The Playboy Effect: Obsessed with Youth and Fitness

OFF-playboy

Back in the day before the internet, Playboy Magazine was a head-rush for the imagination of curious little boys. Finding a Playboy Magazine somewhere was like a high that lasted for lustful days, depending on your imagination and usage. But needless to say, it was the gateway drug for things to come in out sexual futures.

But of course Playboy Magazine offered a very top-heavy, warped version of attainable beauty and theoretical romance. Yes those beautiful women existed, you could see they were real in the pictures. (This was before Photoshop.) And some of us as young men got stuck there with the Playboy bunny as the ideal female. Um, WRONG. But it was difficult to get the images out of our heads when comparing what we saw and imagined in Playboy and reality. Rarely was there a woman in our sphere, much less interested in us, who could fulfill our reinforced and revisioned fantasy of a sexy and beautiful woman.

Jump cut to today, and there are some concerns that the free access to pornography is corrupting our minds and our expectations of sexual fulfillment. Often the pornography is sublimating the actual pursuit of a real “flesh and blood” relationship. As in the movie Don Juan, how can Scarlett Johannsen even come close to the raw punch of full-on punch of 19-year-olds ready for action. All action. And always ready.

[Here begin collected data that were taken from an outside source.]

Lemma line_graph_dominated :
  dominated_linear_graph ofR p [set w | exists z t, Z z /\ w = (z + ofR t *: x0, t)].
Proof.
have x0Z : ~ Z x0.
  by move=> /x0_gap; rewrite subrr normr0 => /(lt_le_trans d0); rewrite ltxx.
split.
- move=> x a b [z [t [Zz [-> ->]]]] [z' [t' [Zz' []]]] zz' ->.
  have [//|tt'] := eqVneq t t'; exfalso; apply: x0Z.
  have -> : x0 = ofR (t - t')^-1 *: (z' - z).
    have -> : z' = z + ofR t *: x0 - ofR t' *: x0 by rewrite zz' addrK.
    rewrite addrAC [z + _]addrC addrK -scalerBl -rmorphB.
    by rewrite scalerA -rmorphM mulVf ?subr_eq0 // rmorph1 scale1r.
  exact/(lin_subspaceZ _ HZ)/lin_subspaceB.
- move=> r x y a b [z [t [Zz [-> ->]]]] [z' [t' [Zz' [-> ->]]]].
  exists (ofR r *: z + z'), (r * t + t'); split; first exact: HZ.2.
  congr (_, _); rewrite rmorphD rmorphM scalerDl scalerDr scalerA !addrA.
  by congr (_ + _); rewrite addrAC.
- move=> x a [z [t [Zz [-> ->]]]].
  rewrite /p ler_pdivlMr ?toR_gt0 // -ler_ofR rmorphM toR_normK ofRK ?gtr0_real //.
  have [->|t0] := eqVneq t 0; first by rewrite rmorph0 mul0r.
  (* |z + t x0| = |t| |x0 - (-z/t)| >= |t| d *)
  have ofRt0 : ofR t != 0 by rewrite -(rmorph0 ofR) (inj_eq ofR_inj).
  apply: (le_trans (y := `|ofR t| * d)).
    by apply: ler_wpM2r; [exact: ltW | exact: real_ler_norm (ofR_real t)].
  have := x0_gap _ (lin_subspaceZ (- (ofR t)^-1) HZ Zz).
  move=> /(ler_wpM2l (normr_ge0 (ofR t))) /le_trans; apply.
  by rewrite -normrZ scalerBr scaleNr scalerN opprK scalerA mulfV // scale1r addrC.
Qed.

End Separation.

Lemma closure_separating_functional {X : normedModType F} {Z : set X} {x0 : X} :
  lin_subspace Z -> ~ closure Z x0 ->
  exists u : X -> R, [/\ forall r x y, u (ofR r *: x + y) = r * u x + u y,
    forall z, Z z -> u z = 0, u x0 = 1 &
    exists2 M : F, 0 <= M & forall x, `|ofR (u x)| <= M * `|x|].
Proof.
move=> HZ /closure_gap [d d0 x0_gap].
pose p (x : X) := toR `|x| / toR d.
have p_subadd x y : p (x + y) <= p x + p y.
  rewrite /p -mulrDl ler_pM2r ?invr_gt0 ?toR_gt0 //.
  by rewrite -ler_ofR rmorphD !toR_normK ler_normD.
have p_homo s x : 0 < s -> p (ofR s *: x) = s * p x.
  move=> s0; rewrite /p mulrA; congr (_ / _); apply: ofR_inj.
  by rewrite toR_normK rmorphM toR_normK normrZ normr_ofR gtr0_norm.
have G00 : [set w | exists z t, Z z /\ w = (z + ofR t *: x0, t)] (0, 0).
  by exists 0, 0; rewrite rmorph0 scale0r addr0; split => //; exact: HZ.1.
have [u [u_lin u_le u_ext]] :=
  hahn_banach ofR p p_subadd p_homo (line_graph_dominated HZ d0 x0_gap) G00.
have u0 : u 0 = 0 by rewrite (u_ext 0 0 G00).
have uN x : u (- x) = - u x.
  by have := u_lin (-1) x 0; rewrite addr0 u0 addr0 rmorphN1 scaleN1r mulN1r.
exists u; split => //.
- move=> z Zz; apply: (u_ext z 0); exists z, 0; split => //.
  by rewrite rmorph0 scale0r addr0.
- apply: (u_ext x0 1); exists 0, 1; split; first exact: HZ.1.
  by rewrite rmorph1 scale1r add0r.
- exists d^-1 => [|x]; first by rewrite invr_ge0 ltW.
  have : `|u x| <= p x.
    have pN : p (- x) = p x by rewrite /p normrN.
    by rewrite ler_norml u_le andbT lerNl -uN -pN u_le.
  rewrite normr_ofR -ler_ofR => /le_trans; apply.
  rewrite /p rmorphM toR_normK mulrC; apply: ler_wpM2r => //.
  by rewrite rmorphV ?unitfE ?gt_eqF ?toR_gt0 // ofRK // gtr0_real.
Qed.

(* [F] need not have suprema: the operator norm is the supremum, taken in [R],
   of the ratios [|h x| / |x|]. *)
Lemma opnorm_exists {V W : normedModType F} {S : set V} {h : V -> W} {C : F} :
  0 <= C -> (forall x, S x -> `|h x| <= C * `|x|) -> exists c, is_opnorm S h c.
Proof.
move=> C0 hC.
have nx_gt0 (x : V) : x != 0 -> 0 < toR `|x| by move=> x0; rewrite toR_gt0 ?normr_gt0.
have ratio_le (x : V) (b : F) : 0 <= b -> x != 0 ->
    (toR `|h x| / toR `|x| <= toR b) = (`|h x| <= b * `|x|).
  move=> b0 x0; rewrite ler_pdivrMr ?nx_gt0 // -ler_ofR rmorphM !toR_normK.
  by rewrite ofRK // ger0_real.
pose T := [set r : R | r = 0 \/ exists2 x, S x & x != 0 /\ r = toR `|h x| / toR `|x|].
have T_ub (b : F) : 0 <= b -> (forall x, S x -> `|h x| <= b * `|x|) -> ubound T (toR b).
  move=> b0 hb r [->|[x Sx [x0 ->]]]; last by rewrite ratio_le // hb.
  by rewrite -ler_ofR rmorph0 ofRK // ger0_real.
have T_sup : has_sup T by split; [exists 0; left | exists (toR C); exact: T_ub].
exists (ofR (sup T)); split; [|split].
- by rewrite -(rmorph0 ofR) ler_ofR; apply: ub_le_sup => //; [case: T_sup | left].
- move=> x Sx; have [x0|x0] := eqVneq x 0.
    by move: (hC x Sx); rewrite x0 !normr0 !mulr0.
  have : toR `|h x| / toR `|x| <= sup T.
    by apply: ub_le_sup; [case: T_sup | right; exists x].
  by rewrite ler_pdivrMr ?nx_gt0 // -ler_ofR rmorphM !toR_normK.
- move=> c' c'0 hc'; rewrite -[c' in _ <= c']ofRK ?ger0_real // ler_ofR.
  by apply: ge_sup; [case: T_sup | exact: T_ub].
Qed.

That’s not the way the world works. And even as an adult I know my early experience with Playboy Magazine has had a lingering effect on my sexual preferences. And the current mainstream media obsession with rail thin 19-year-old goddesses is way out of hand and off the map of reality. Unfortunately even my 11 year old daughter is considering dieting because of the images she sees in her pre-teen magazines. It’s gross, what we’ve done to objectify women’s sexual bodies, and how far we have distorted those images. It is much the same way Playboy set an unrealistic body type that was accompanied by breast-waist-hip measurements.

If a woman I was interested in really wanted a six-packed 30-year-old I would have little chance of attracting her. And it is physically impossible for me to get back to the fitness and beauty of my youth. GOOD. I don’t have to worry about that.

Not even trying to contemplate the drugged death spiral that must accompany a young boys exposure to online pornography, I am aware that my vision is still clouded, my reality is still framed, and beauty is still judged by the media’s representation of beauty today.

When I see the 20, 30, or 40-something yoga goddess in LuluLemons, I get an immediate hit of dopamine. But it’s not real. It’s about as real as the foldout in Playboy.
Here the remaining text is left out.